Task description » In the entries that follow, the first line to write out is the one containing "From mathcomp Require", and the last is the one containing "#|[set i | c i ord0 != 0]|.". Reproduce that stretch exactly, with nothing before or after it.

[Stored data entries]
═══
(* Let $m,n\in\mathbb N$, $p\in(0,1)$, $\pi\in(0,1/2)$, and let $R\in\mathbb F_2^{m\times n}$ be a random matrix with mutually independent columns, each column being zero with probability $1-p$ and otherwise consisting of i.i.d. $\mathrm{Bern}(\pi)$ entries. For $1\le k\le n$ let $x_k\in\mathbb F_2^n$ have exactly $k$ ones. Then $$\mathbb P(Rx_k=0)\le 2^{-m}\Bigl[1+\exp(-kp\pi)+2\exp\Bigl(-\tfrac kmD\bigl(\tfrac p2;p\bigr)\Bigr)\Bigr]^m.$$ In addition, $$\mathbb P(Rx_k=0)\le e^{-kmp\pi/4}\quad\text{for all } 1\le k\le k^*,$$ where $k^*=\max\bigl\{k:\ (1-2\pi)^k\ge\tfrac12\text{ and }\bigl(1-\tfrac{\pi k}{2}\bigr)^m\ge\tfrac12\bigr\}$.
   Context: $D(q;p)=q\log\frac qp+(1-q)\log\frac{1-q}{1-p}$ is the Kullback–Leibler divergence of $\mathrm{Bern}(q)$ from $\mathrm{Bern}(p)$. Arithmetic in $Rx_k$ is over $\mathbb F_2$. *)

From HB Require Import structures.
From mathcomp Require Import all_boot all_order all_algebra.
From mathcomp.reals Require Import reals.
From mathcomp.analysis Require Import sequences exp.
Set Implicit Arguments. Unset Strict Implicit. Unset Printing Implicit Defensive.
Import Order.TTheory GRing.Theory Num.Theory.
Local Open Scope ring_scope.

Definition cweight (m : nat) (c : 'cV['F_2]_m) : nat :=
  #|[set i | c i ord0 != 0]|.

(* Law of one column: zero with prob. 1-p, otherwise i.i.d. Bern(pi) entries
   (i.e. the mixture (1-p) delta_0 + p Bern(pi)^{m}). *)
Definition col_prob (R : realType) (m : nat) (p pi : R) (c : 'cV['F_2]_m) : R :=
  (1 - p) * (c == 0)%:R + p * (pi ^+ cweight c * (1 - pi) ^+ (m - cweight c)).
═══
Solution »
From mathcomp Require Import all_boot all_order all_algebra.
From mathcomp.reals Require Import reals.
From mathcomp.analysis Require Import sequences exp.
Set Implicit Arguments. Unset Strict Implicit. Unset Printing Implicit Defensive.
Import Order.TTheory GRing.Theory Num.Theory.
Local Open Scope ring_scope.

Definition cweight (m : nat) (c : 'cV['F_2]_m) : nat :=
  #|[set i | c i ord0 != 0]|.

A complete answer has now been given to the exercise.